Intellia Therapeutics, Inc. outlined its expected milestones and the strategic priorities for 2022. Anticipated 2022 Milestones: NTLA-2001 for ATTR amyloidosis: NTLA-2001 is the first investigational CRISPR-based therapy to be systemically delivered to edit genes inside the human body, and has the potential to be the first single-dose treatment for transthyretin (ATTR) amyloidosis. Delivered with the Companys in vivo lipid nanoparticle (LNP) technology, NTLA-2001 offers the possibility of halting and reversing the disease by driving a deep, lifelong reduction in transthyretin (TTR) protein after a single dose.

NTLA-2001 is part of a co-development/co-promotion agreement between Intellia, the lead party for this program, and Regeneron Pharmaceuticals, Inc. (Regeneron). Intellia announced that the first patient in the cardiomyopathy arm of the Phase 1 study has been dosed with NTLA-2001. This follows the Companys recent announcement that the United Kingdom Medicines and Healthcare products Regulatory Agency (MHRA) approved a protocol amendment for the Companys ongoing Phase 1 study of NTLA-2001 to include patients with ATTR amyloidosis with cardiomyopathy (ATTR-CM).

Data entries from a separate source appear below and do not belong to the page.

Lemma sum_arc (G : V -> V -> nat) :
  \sum_(p : arc) G (val p).1 (val p).2 = \sum_x \sum_(y | e x y) G x y.
Proof.
by rewrite (sum_sig (fun p : V * V => e p.1 p.2) (fun p => G p.1 p.2)) pair_big_dep.
Qed.

Lemma sum_arc_tail (G : V -> nat) : \sum_(p : arc) G (val p).1 = \sum_x deg e x * G x.
Proof.
rewrite (sum_arc (fun x _ => G x)); apply: eq_bigr => x _.
exact: sum_nat_cond_const.
Qed.

Definition arc_rev (p : arc) : arc :=
  exist (fun p : V * V => e p.1 p.2) ((val p).2, (val p).1) (etrans (eS _ _) (valP p)).

Lemma arc_revK : involutive arc_rev.
Proof. by move=> p; apply: val_inj; case: p => -[]. Qed.

(* Both sides are half of a sum over the pairs of opposite arcs. *)
Lemma sum_arc_rev_pair (F G : arc -> nat) :
  (forall p, F p + F (arc_rev p) = G p + G (arc_rev p)) -> \sum_p F p = \sum_p G p.
Proof.
move=> FG; have sum_rev H : \sum_p H (arc_rev p) = \sum_p H p.
  by rewrite [RHS](reindex_inj (inv_inj arc_revK)).
have : \sum_p (F p + F (arc_rev p)) = \sum_p (G p + G (arc_rev p)) by apply: eq_bigr.
by rewrite !big_split /= !sum_rev !addnn => /double_inj.
Qed.

End Arcs.

Section Tree.
Variables (T : finType) (e : rel T).
Hypothesis eT : is_tree e.
Local Notation d := (dist e).

Lemma tree_sym : symmetric e. Proof. by case: eT => -[]. Qed.
Lemma tree_irrefl : irreflexive e. Proof. by case: eT => -[]. Qed.
Lemma tree_connected : connected_graph e. Proof. by case: eT. Qed.

Lemma tree_neq x y : e x y -> x != y.
Proof. by apply: contraTneq => ->; rewrite tree_irrefl. Qed.

(* Induction on the level [L]: the neighbours of [a] and [b] one level down
   either coincide, closing a cycle, or form a smaller instance. *)
Lemma no_path_above_level u L a b c :
  d u a = L -> d u b = L -> a != b -> path e a (rcons c b) -> uniq c ->
  (forall x, x \in c -> L < d u x) -> False.
Proof.
have eC := tree_connected; elim: L a b c => [|L IHL] a b c ua ub ab abP cU cL.
  have a_u : a = u by apply/eqP; rewrite -(dist_eq0 eC) ?ua.
  have b_u : b = u by apply/eqP; rewrite -(dist_eq0 eC) ?ub.
  by rewrite a_u b_u eqxx in ab.
have [pa epa pau] : exists2 pa, e pa a & (d u pa).+1 = d u a.
  by apply: dist_lower_neighbour; rewrite // -(dist_eq0 eC) ua.
have [pb epb pbu] : exists2 pb, e pb b & (d u pb).+1 = d u b.
  by apply: dist_lower_neighbour; rewrite // -(dist_eq0 eC) ub.
have abL x : x \in a :: rcons c b -> L.+1 <= d u x.
  by rewrite inE mem_rcons inE => /or3P[/eqP->|/eqP->|/cL]; lia.
have abU : uniq (a :: rcons c b).
  rewrite /= mem_rcons inE negb_or ab rcons_uniq cU andbT /=.
  by apply/andP; split; apply/negP => /cL; lia.
have abpP : path e pa (rcons (a :: rcons c b) pb).
  by rewrite rcons_cons /= rcons_path last_rcons abP epa tree_sym epb.
case: (eqVneq pa pb) => [papb|]; last first.
  by move=> papb; apply: (IHL pa pb (a :: rcons c b)) => //; lia.
subst pb; have cyc : ucycle e (pa :: a :: rcons c b).
  apply/andP; split; first exact: abpP.
  by rewrite cons_uniq abU andbT; apply/negP => /abL; lia.
by case: eT => _ _ /(_ _ cyc); rewrite /= size_rcons.
Qed.

Lemma tree_lower_neighbour_uniq u v w1 w2 :
  e w1 v -> e w2 v -> d u w1 <= d u v -> d u w2 <= d u v -> w1 = w2.
Proof.
move=> ew1 ew2 w1v w2v; apply/eqP/negPn/negP => w12.
have vw1 := dist_lipschitz tree_connected u ew1.
have vw2 := dist_lipschitz tree_connected u ew2.
have [w1L|w1v'] := eqVneq (d u w1) (d u v).
  by apply: (no_path_above_level (c := [::]) w1L erefl (tree_neq ew1)); rewrite /= ?ew1.
have [w2L|w2v'] := eqVneq (d u w2) (d u v).
  by apply: (no_path_above_level (c := [::]) w2L erefl (tree_neq ew2)); rewrite /= ?ew2.
apply: (@no_path_above_level u (d u v).-1 w1 w2 [:: v]) => //; try lia.
  by rewrite /= ew1 tree_sym ew2.
by move=> x; rewrite inE => /eqP->; lia.
Qed.

Lemma tree_dist_adj u x y : e x y -> d u y = (d u x).+1 \/ d u x = (d u y).+1.
Proof.
move=> exy; have eyx : e y x by rewrite tree_sym.
have := dist_lipschitz tree_connected u exy.
have := dist_lipschitz tree_connected u eyx.
have [xy _ _|] := eqVneq (d u x) (d u y); last lia.
by case: (no_path_above_level (c := [::]) xy erefl (tree_neq exy)); rewrite /= ?exy.
Qed.
Lemma prox_obj_sublevel_bounded x : exists r, forall y, F x y <= F x x -> d x y <= r.
Proof.
have [m f_ball] := lsc_bounded_below_ball bcompact lf x 1.
have [b [b_ge0 f_minor]] := convex_affine_minorant dmetric ug fconv f_ball.
have [r growth] := powR_dominates_affine b_ge0 K_gt0 p_gt1.
exists r => y; rewrite prox_obj_id prox_objE => Fy; rewrite leNgt.
by apply/negP => /growth; have := f_minor y; lra.
Qed.

Lemma prox_argmin x : argmin (F x) (prox d f p lambda x).
Proof.
apply: xgetPex; have [r sublevel] := prox_obj_sublevel_bounded x.
exact: (lsc_argmin_exists bcompact (lsc_prox_obj x) sublevel).
Qed.

Lemma prox_obj_uniformly_convex x u v t : 0 <= t <= 1 ->
  F x (geo u v t) <=
    (1 - t) * F x u + t * F x v - K * (c / 2) * t * (1 - t) * d u v `^ p.
Proof.
move=> t01; rewrite !prox_objE.
have := uconv u v x t01; rewrite -(ler_pM2l K_gt0).
by have := fconv u v t01; lra.
Qed.

Lemma argmin_prox_obj_growth x u v :
  argmin (F x) u -> F x u + K * (c / 2) * d u v `^ p <= F x v.
Proof.
move=> Fu; apply: argmin_growth Fu => t /andP[t_gt0 t_lt1].
have -> : K * (c / 2) * d u v `^ p * t * (1 - t) =
          K * (c / 2) * t * (1 - t) * d u v `^ p by ring.
by apply: prox_obj_uniformly_convex; rewrite !ltW.
Qed.

Lemma argmin_prox_obj_four_point x y u v :
  argmin (F x) u -> argmin (F y) v -> c * d u v `^ p <= four_point_excess d p x y u v.
Proof.
have [_ _ dC _] := dmetric => Fu Fv.
have := argmin_prox_obj_growth v Fu; have := argmin_prox_obj_growth u Fv.
rewrite !prox_objE (dC v u) => Fv_le Fu_le.
rewrite -(ler_pM2l K_gt0) /four_point_excess; lra.
Qed.

Lemma argmin_prox_obj_fix x u : argmin f x -> argmin (F x) u -> u = x.
Proof.
have [_ d_eq0 dC _] := dmetric => fx Fu.
have := Fu x; rewrite prox_obj_id prox_objE; have := fx u.
have := powR_ge0 (d x u) p => dp_ge0 fxu Fxu.
apply/d_eq0; rewrite dC; apply: (@powR_eq0_eq0 _ _ p).
by apply/eqP; rewrite eq_le dp_ge0 andbT -(pmulr_rle0 _ K_gt0); lra.
Qed.

End Prox.

Section FourPointExcess.
Variables (R : realType) (G : choiceType) (d : G -> G -> R) (p c : R) (x y u v : G).
Hypothesis excess_ge : c * d u v `^ p <= four_point_excess d p x y u v.

Lemma Delta_ge_of_four_point_excess :
  0 < c -> c ^+ 2 / 4 * d u v `^ p <= Delta d p c x y u v.
Proof.
move=> c_gt0; rewrite /Delta -/(four_point_excess d p x y u v).
have -> : c ^+ 2 / 4 * d u v `^ p = c / 4 * (c * d u v `^ p) by ring.
by rewrite ler_pM2l ?divr_gt0.
Qed.

Lemma afne_of_four_point_excess : 1 < c ->
  d u v `^ p <= (1 + (2 - c) / (c - 1)) * d x y `^ p
    - (1 - c * (c - 1) / (2 + c * (c - 1))) / (c * (c - 1) / (2 + c * (c - 1)))
      * psi d p c x y u v.
Proof.
move=> c_gt1; move: excess_ge; rewrite /psi /four_point_excess => excess.
have c1_gt0 : 0 < c - 1 by lra.
have c_neq0 : c != 0 by rewrite gt_eqF //; lra.
have c2_neq0 : 2 + c * (c - 1) != 0 by rewrite gt_eqF //; nra.
set S := d x v `^ p + d y u `^ p - d x u `^ p - d y v `^ p in excess.
rewrite [X in _ <= X](_ : _ = (S - d u v `^ p) / (c - 1)); last first.
  by rewrite /S; field; rewrite c_neq0 c2_neq0 gt_eqF.
by rewrite ler_pdivlMr //; lra.
Qed.

End FourPointExcess.

Theorem mainTheorem11 (R : realType) (G : choiceType) (d : G -> G -> R)
  (geo : G -> G -> R -> G) (p c lambda : R) (f : G -> R) :
  is_metric d -> uniquely_geodesic d geo -> boundedly_compact d ->
  1 < p -> 0 < c -> p_uniformly_convex d geo p c ->
  convex_fun geo f -> lsc d f -> 0 < lambda ->
  [/\ (forall x, argmin f x -> prox d f p lambda x = x),
      (forall x y, Delta d p c x y (prox d f p lambda x) (prox d f p lambda y)
                   >= c ^+ 2 / 4 * d (prox d f p lambda x) (prox d f p lambda y) `^ p) &
      (3 / 2 < c <= 2 ->
         forall x y,
           d (prox d f p lambda x) (prox d f p lambda y) `^ p <=
             (1 + (2 - c) / (c - 1)) * d x y `^ p
             - (1 - c * (c - 1) / (2 + c * (c - 1))) / (c * (c - 1) / (2 + c * (c - 1)))
               * psi d p c x y (prox d f p lambda x) (prox d f p lambda y))].
Proof.
move=> dmetric ug bcompact p_gt1 c_gt0 uconv fconv lf lambda_gt0.
have prox_min x := prox_argmin dmetric p_gt1 lambda_gt0 ug bcompact fconv lf x.
have excess x y := argmin_prox_obj_four_point dmetric p_gt1 lambda_gt0 uconv fconv
  (prox_min x) (prox_min y).
split=> [x fx | x y | /andP[c_gt32 _] x y].
- exact: (argmin_prox_obj_fix dmetric p_gt1 lambda_gt0 fx (prox_min x)).
- exact: (Delta_ge_of_four_point_excess (excess x y) c_gt0).
- by apply: (afne_of_four_point_excess (excess x y)); lra.
Qed.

The study now includes patients with ATTR-CM enrolled in new dose-escalation and expansion cohorts. The inclusion of the ATTR-CM patient population is in addition to the original Phase 1 study, which continues to evaluate NTLA-2001 in patients with hereditary ATTR amyloidosis with polyneuropathy (ATTRv-PN). Intellia expects to complete enrollment of the Phase 1 study for both ATTRv-PN and ATTR-CM subjects in 2022.

Intellia intends to present additional interim clinical data of NTLA-2001 in ATTRv-PN patients from Part 1, the single-ascending dose portion, and to initiate Part 2, a single-cohort expansion, in the first quarter of 2022. Data to be presented at a company-sponsored event will be from all four ATTRv-PN dose cohorts in Part 1 and include safety and serum TTR knockdown for Cohorts 3 and 4, as well as an early look at durability across all cohorts. NTLA-2002 for HAE: NTLA-2002 leverages Intellias proprietary in vivo LNP delivery technology to knock out the KLKB1 gene in the liver with the potential to permanently reduce total plasma kallikrein protein and activity, a key mediator of HAE.

This investigational approach aims to prevent attacks for people living with HAE by providing continuous suppression of plasma kallikrein activity following a single dose and to eliminate the significant treatment burden associated with currently available HAE therapies. NTLA-3001 for AATD-associated lung disease: NTLA-3001 is Intellias wholly owned CRISPR-mediated in vivo targeted gene insertion development candidate. It is designed with the aim to precisely insert a healthy copy of the SERPINA1 gene, which encodes the alpha-1 antitrypsin (A1AT) protein, with the potential to restore permanent expression of functional A1AT protein to therapeutic levels after a single dose.

This approach seeks to address alpha-1 antitrypsin deficiency (AATD)-associated lung disease and eliminate the need for sub-optimal weekly IV infusions of A1AT augmentation therapy or lung transplant in severe cases. Intellia is conducting Investigational New Drug (IND)-enabling activities for NTLA-3001 with plans to file an IND or IND-equivalent in 2023. The Company also continues to explore additional editing strategies for AATD.

NTLA-5001 for AML: NTLA-5001 is an investigational autologous T cell receptor (TCR)-T cell therapy engineered to target the Wilms Tumor 1 (WT1) antigen for the treatment of all genetic subtypes of acute myeloid leukemia (AML). In the fourth quarter of 2021, Intellia initiated screening of patients in the Phase 1/2a study of NTLA-5001 for patients with AML. The Company expects to dose its first patient in the coming weeks and enroll patients throughout the year.

Later this year, the Company plans to provide guidance around timing of the first expected data readout, with the goal of demonstrating clinical proof-of-concept for its TCR-based platform.